Problem description =>
How do the lines below between the ones holding "case/andP=> pP uP /andP[pr_p prP] e_gt0." and "have cop_qn : coprime", inclusive, read? Give them again exactly, with no other lines.

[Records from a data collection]
★ ★ ★ ★ ★
Lemma coprime_prime_prod p (P : seq nat) (e : nat -> nat) :
  prime p -> all prime P -> p \notin P -> coprime p (\prod_(q <- P) q ^ e q).
Proof.
move=> pr_p /allP prP pP; rewrite big_seq.
apply: (big_ind (coprime p)) => [|a b|q qP]; first exact: coprimen1.
  by rewrite coprimeMr => ->.
rewrite coprimeXr // prime_coprime // dvdn_prime2 // ?prP //.
by apply/eqP=> def_p; rewrite def_p qP in pP.
Qed.

Lemma mem_unitary_pairs (P : seq nat) (e : nat -> nat) d f :
  uniq P -> all prime P -> {in P, forall p, 0 < e p} ->
  ((d, f) \in unitary_pairs [seq p ^ e p | p <- P]) =
  (d * f == \prod_(p <- P) p ^ e p) && coprime d f.
Proof.
elim: P d f => [|p P IH] d f.
  move=> _ _ _; rewrite big_nil inE xpair_eqE muln_eq1.
  by case: eqP => [->|]; case: eqP => [->|] //; rewrite andbF.
case/andP=> pP uP /andP[pr_p prP] e_gt0.
have e_gt0' : {in P, forall q, 0 < e q} by move=> q qP; rewrite e_gt0 // inE qP orbT.
have {}IH d' f' := IH d' f' uP prP e_gt0'.
have ep_gt0 : 0 < e p by rewrite e_gt0 ?mem_head.
set q := p ^ e p; set n := \prod_(p <- P) p ^ e p.
have cop_pn : coprime p n by apply: coprime_prime_prod.
rewrite /= mem_cat big_cons -/n -/q; apply/idP/idP.
  case/orP=> /mapP[[d' f'] + [-> ->]] /=; rewrite IH -/n => /andP[/eqP def_n cop_df];
    rewrite -def_n coprimeMr in cop_pn; case/andP: cop_pn => cop_pd cop_pf.
    by rewrite -mulnA def_n eqxx coprimeMl cop_df coprimeXl.
  by rewrite mulnCA def_n eqxx coprimeMr cop_df coprime_sym coprimeXl.
case/andP=> /eqP def_df cop_df.
have q_gt0 : 0 < q by rewrite expn_gt0 prime_gt0.
have : p %| d * f by rewrite def_df dvdn_mulr // dvdn_exp.
rewrite Euclid_dvdM // => /orP[p_d|p_f].
  have cop_qf : coprime q f by rewrite coprimeXl // (coprime_dvdl p_d).
  have [d' def_d def_n] := coprime_factor_dvd q_gt0 cop_qf def_df.
  apply/orP; left; apply/mapP; exists (d', f); rewrite ?def_d // IH -/n def_n eqxx.
  by apply: coprime_dvdl cop_df; rewrite def_d dvdn_mull.
rewrite coprime_sym in cop_df; rewrite mulnC in def_df.
have cop_qd : coprime q d by rewrite coprimeXl // (coprime_dvdl p_f).
have [f' def_f def_n] := coprime_factor_dvd q_gt0 cop_qd def_df.
apply/orP; right; apply/mapP; exists (d, f'); rewrite ?def_f // IH -/n mulnC def_n eqxx.
by rewrite coprime_sym; apply: coprime_dvdl cop_df; rewrite def_f dvdn_mull.
Qed.

Lemma uniq_unitary_pairs (P : seq nat) (e : nat -> nat) :
  uniq P -> all prime P -> {in P, forall p, 0 < e p} ->
  uniq (unitary_pairs [seq p ^ e p | p <- P]).
Proof.
elim: P => [|p P IH] //= /andP[pP uP] /andP[pr_p prP] e_gt0.
have e_gt0' : {in P, forall q, 0 < e q} by move=> q qP; rewrite e_gt0 // inE qP orbT.
have q_gt1 : 1 < p ^ e p by rewrite -{1}(expn0 p) ltn_exp2l ?prime_gt1 ?e_gt0 ?inE ?eqxx.
have q_gt0 : 0 < p ^ e p by apply: ltnW.
have cop_qn : coprime (p ^ e p) (\prod_(p <- P) p ^ e p).
  by apply: coprimeXl; apply: coprime_prime_prod.
rewrite cat_uniq !map_inj_in_uniq ?IH //; last 2 first.
- by move=> [a b] [a' b'] _ _ [-> /eqP]; rewrite eqn_pmul2l // => /eqP ->.
- by move=> [a b] [a' b'] _ _ [/eqP]; rewrite eqn_pmul2l // => /eqP -> ->.
rewrite andbT; apply/hasPn=> _ /mapP[[a b] ab_in ->]; apply/mapP=> -[[a' b'] _ [def_a _]].
move: ab_in; rewrite mem_unitary_pairs // => /andP[/eqP def_n _].
have q_n : p ^ e p %| \prod_(p <- P) p ^ e p by rewrite -def_n def_a -mulnA dvdn_mulr.
move: cop_qn; rewrite /coprime (gcdn_idPl q_n) => /eqP q1.
by rewrite q1 in q_gt1.
Qed.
★ ★ ★ ★ ★
The completed task =>
case/andP=> pP uP /andP[pr_p prP] e_gt0.
have e_gt0' : {in P, forall q, 0 < e q} by move=> q qP; rewrite e_gt0 // inE qP orbT.
have {}IH d' f' := IH d' f' uP prP e_gt0'.
have ep_gt0 : 0 < e p by rewrite e_gt0 ?mem_head.
set q := p ^ e p; set n := \prod_(p <- P) p ^ e p.
have cop_pn : coprime p n by apply: coprime_prime_prod.
rewrite /= mem_cat big_cons -/n -/q; apply/idP/idP.
  case/orP=> /mapP[[d' f'] + [-> ->]] /=; rewrite IH -/n => /andP[/eqP def_n cop_df];
    rewrite -def_n coprimeMr in cop_pn; case/andP: cop_pn => cop_pd cop_pf.
    by rewrite -mulnA def_n eqxx coprimeMl cop_df coprimeXl.
  by rewrite mulnCA def_n eqxx coprimeMr cop_df coprime_sym coprimeXl.
case/andP=> /eqP def_df cop_df.
have q_gt0 : 0 < q by rewrite expn_gt0 prime_gt0.
have : p %| d * f by rewrite def_df dvdn_mulr // dvdn_exp.
rewrite Euclid_dvdM // => /orP[p_d|p_f].
  have cop_qf : coprime q f by rewrite coprimeXl // (coprime_dvdl p_d).
  have [d' def_d def_n] := coprime_factor_dvd q_gt0 cop_qf def_df.
  apply/orP; left; apply/mapP; exists (d', f); rewrite ?def_d // IH -/n def_n eqxx.
  by apply: coprime_dvdl cop_df; rewrite def_d dvdn_mull.
rewrite coprime_sym in cop_df; rewrite mulnC in def_df.
have cop_qd : coprime q d by rewrite coprimeXl // (coprime_dvdl p_f).
have [f' def_f def_n] := coprime_factor_dvd q_gt0 cop_qd def_df.
apply/orP; right; apply/mapP; exists (d, f'); rewrite ?def_f // IH -/n mulnC def_n eqxx.
by rewrite coprime_sym; apply: coprime_dvdl cop_df; rewrite def_f dvdn_mull.
Qed.

Lemma uniq_unitary_pairs (P : seq nat) (e : nat -> nat) :
  uniq P -> all prime P -> {in P, forall p, 0 < e p} ->
  uniq (unitary_pairs [seq p ^ e p | p <- P]).
Proof.
elim: P => [|p P IH] //= /andP[pP uP] /andP[pr_p prP] e_gt0.
have e_gt0' : {in P, forall q, 0 < e q} by move=> q qP; rewrite e_gt0 // inE qP orbT.
have q_gt1 : 1 < p ^ e p by rewrite -{1}(expn0 p) ltn_exp2l ?prime_gt1 ?e_gt0 ?inE ?eqxx.
have q_gt0 : 0 < p ^ e p by apply: ltnW.
have cop_qn : coprime (p ^ e p) (\prod_(p <- P) p ^ e p).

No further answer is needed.